## WHAT YOU WILL DO
Where a line of the data below has the string "rewrite", copy that line.

==== GIVEN RECORDS

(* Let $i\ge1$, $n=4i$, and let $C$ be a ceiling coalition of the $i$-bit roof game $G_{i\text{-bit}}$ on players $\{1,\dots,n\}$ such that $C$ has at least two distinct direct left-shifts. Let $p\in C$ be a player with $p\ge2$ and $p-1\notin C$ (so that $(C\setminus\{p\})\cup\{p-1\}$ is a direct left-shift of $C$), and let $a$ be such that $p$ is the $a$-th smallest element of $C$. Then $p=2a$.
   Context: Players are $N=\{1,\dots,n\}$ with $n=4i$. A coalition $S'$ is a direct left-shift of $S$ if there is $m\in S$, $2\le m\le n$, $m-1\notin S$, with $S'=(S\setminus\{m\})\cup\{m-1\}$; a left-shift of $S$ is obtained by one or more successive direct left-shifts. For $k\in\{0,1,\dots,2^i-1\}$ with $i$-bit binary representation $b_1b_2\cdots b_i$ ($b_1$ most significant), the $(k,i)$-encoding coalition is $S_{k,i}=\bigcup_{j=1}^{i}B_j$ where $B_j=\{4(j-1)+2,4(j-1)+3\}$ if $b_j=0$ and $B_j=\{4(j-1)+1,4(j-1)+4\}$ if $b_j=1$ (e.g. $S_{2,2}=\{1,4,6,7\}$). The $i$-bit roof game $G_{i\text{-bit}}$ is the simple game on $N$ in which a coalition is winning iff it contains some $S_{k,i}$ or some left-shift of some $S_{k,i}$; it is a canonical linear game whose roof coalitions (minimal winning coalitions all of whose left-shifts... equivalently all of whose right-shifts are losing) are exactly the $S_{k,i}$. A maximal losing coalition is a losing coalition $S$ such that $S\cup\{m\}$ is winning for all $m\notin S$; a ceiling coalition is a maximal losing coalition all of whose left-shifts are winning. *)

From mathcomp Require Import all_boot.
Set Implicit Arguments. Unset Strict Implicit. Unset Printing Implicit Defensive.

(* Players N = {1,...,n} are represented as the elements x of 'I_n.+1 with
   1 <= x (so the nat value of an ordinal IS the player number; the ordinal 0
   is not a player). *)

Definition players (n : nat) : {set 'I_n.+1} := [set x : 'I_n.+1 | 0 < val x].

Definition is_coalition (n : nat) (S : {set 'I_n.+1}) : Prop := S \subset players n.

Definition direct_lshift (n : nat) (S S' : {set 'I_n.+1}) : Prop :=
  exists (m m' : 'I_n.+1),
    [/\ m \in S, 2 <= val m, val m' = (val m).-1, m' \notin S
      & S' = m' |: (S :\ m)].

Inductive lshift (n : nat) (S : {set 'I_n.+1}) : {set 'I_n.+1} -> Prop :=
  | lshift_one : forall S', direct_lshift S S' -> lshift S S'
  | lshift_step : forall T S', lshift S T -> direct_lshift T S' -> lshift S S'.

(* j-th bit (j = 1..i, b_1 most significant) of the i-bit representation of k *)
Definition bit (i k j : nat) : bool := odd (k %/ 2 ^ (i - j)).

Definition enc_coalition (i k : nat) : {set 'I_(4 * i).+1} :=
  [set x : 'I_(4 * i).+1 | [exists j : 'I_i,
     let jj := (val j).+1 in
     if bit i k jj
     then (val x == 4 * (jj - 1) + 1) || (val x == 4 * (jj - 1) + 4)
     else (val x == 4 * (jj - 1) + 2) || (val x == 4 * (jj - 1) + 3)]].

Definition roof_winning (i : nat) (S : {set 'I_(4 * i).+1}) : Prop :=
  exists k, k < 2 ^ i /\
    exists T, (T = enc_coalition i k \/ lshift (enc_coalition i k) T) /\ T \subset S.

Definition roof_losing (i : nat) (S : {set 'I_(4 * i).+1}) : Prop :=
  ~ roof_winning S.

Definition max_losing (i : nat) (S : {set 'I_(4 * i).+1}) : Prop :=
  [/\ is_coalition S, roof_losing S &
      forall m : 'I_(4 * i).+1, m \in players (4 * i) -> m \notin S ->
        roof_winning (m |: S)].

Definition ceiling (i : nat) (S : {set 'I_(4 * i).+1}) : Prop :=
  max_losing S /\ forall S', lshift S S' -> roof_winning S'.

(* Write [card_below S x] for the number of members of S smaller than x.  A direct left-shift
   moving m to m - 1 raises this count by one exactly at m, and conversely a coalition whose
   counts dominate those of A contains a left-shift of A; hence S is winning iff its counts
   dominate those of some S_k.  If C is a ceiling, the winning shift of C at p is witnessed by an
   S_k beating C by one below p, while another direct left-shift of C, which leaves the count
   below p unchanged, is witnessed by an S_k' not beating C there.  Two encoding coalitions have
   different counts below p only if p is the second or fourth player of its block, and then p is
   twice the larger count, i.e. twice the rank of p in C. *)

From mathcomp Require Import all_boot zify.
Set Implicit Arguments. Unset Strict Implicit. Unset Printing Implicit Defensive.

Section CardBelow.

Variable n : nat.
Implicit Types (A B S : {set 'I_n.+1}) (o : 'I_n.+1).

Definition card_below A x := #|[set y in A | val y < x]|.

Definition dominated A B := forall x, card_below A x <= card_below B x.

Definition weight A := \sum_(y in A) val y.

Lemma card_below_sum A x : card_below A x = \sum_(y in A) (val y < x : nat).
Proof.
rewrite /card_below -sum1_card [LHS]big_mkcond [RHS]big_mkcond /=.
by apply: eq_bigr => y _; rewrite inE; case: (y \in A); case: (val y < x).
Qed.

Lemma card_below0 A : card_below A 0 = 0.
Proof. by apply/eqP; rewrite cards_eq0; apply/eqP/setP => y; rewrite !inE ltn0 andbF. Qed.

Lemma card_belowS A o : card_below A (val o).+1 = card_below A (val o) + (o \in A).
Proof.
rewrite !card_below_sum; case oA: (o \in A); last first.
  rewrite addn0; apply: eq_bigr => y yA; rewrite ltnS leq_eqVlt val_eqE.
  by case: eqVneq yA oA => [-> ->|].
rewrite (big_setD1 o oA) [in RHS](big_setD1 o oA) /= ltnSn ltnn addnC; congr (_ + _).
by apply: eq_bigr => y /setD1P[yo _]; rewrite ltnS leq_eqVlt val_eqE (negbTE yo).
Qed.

========

## EXERCISE SOLUTION
rewrite /card_below -sum1_card [LHS]big_mkcond [RHS]big_mkcond /=.
by apply: eq_bigr => y _; rewrite inE; case: (y \in A); case: (val y < x).
Proof. by apply/eqP; rewrite cards_eq0; apply/eqP/setP => y; rewrite !inE ltn0 andbF. Qed.
rewrite !card_below_sum; case oA: (o \in A); last first.
  rewrite addn0; apply: eq_bigr => y yA; rewrite ltnS leq_eqVlt val_eqE.
rewrite (big_setD1 o oA) [in RHS](big_setD1 o oA) /= ltnSn ltnn addnC; congr (_ + _).
by apply: eq_bigr => y /setD1P[yo _]; rewrite ltnS leq_eqVlt val_eqE (negbTE yo).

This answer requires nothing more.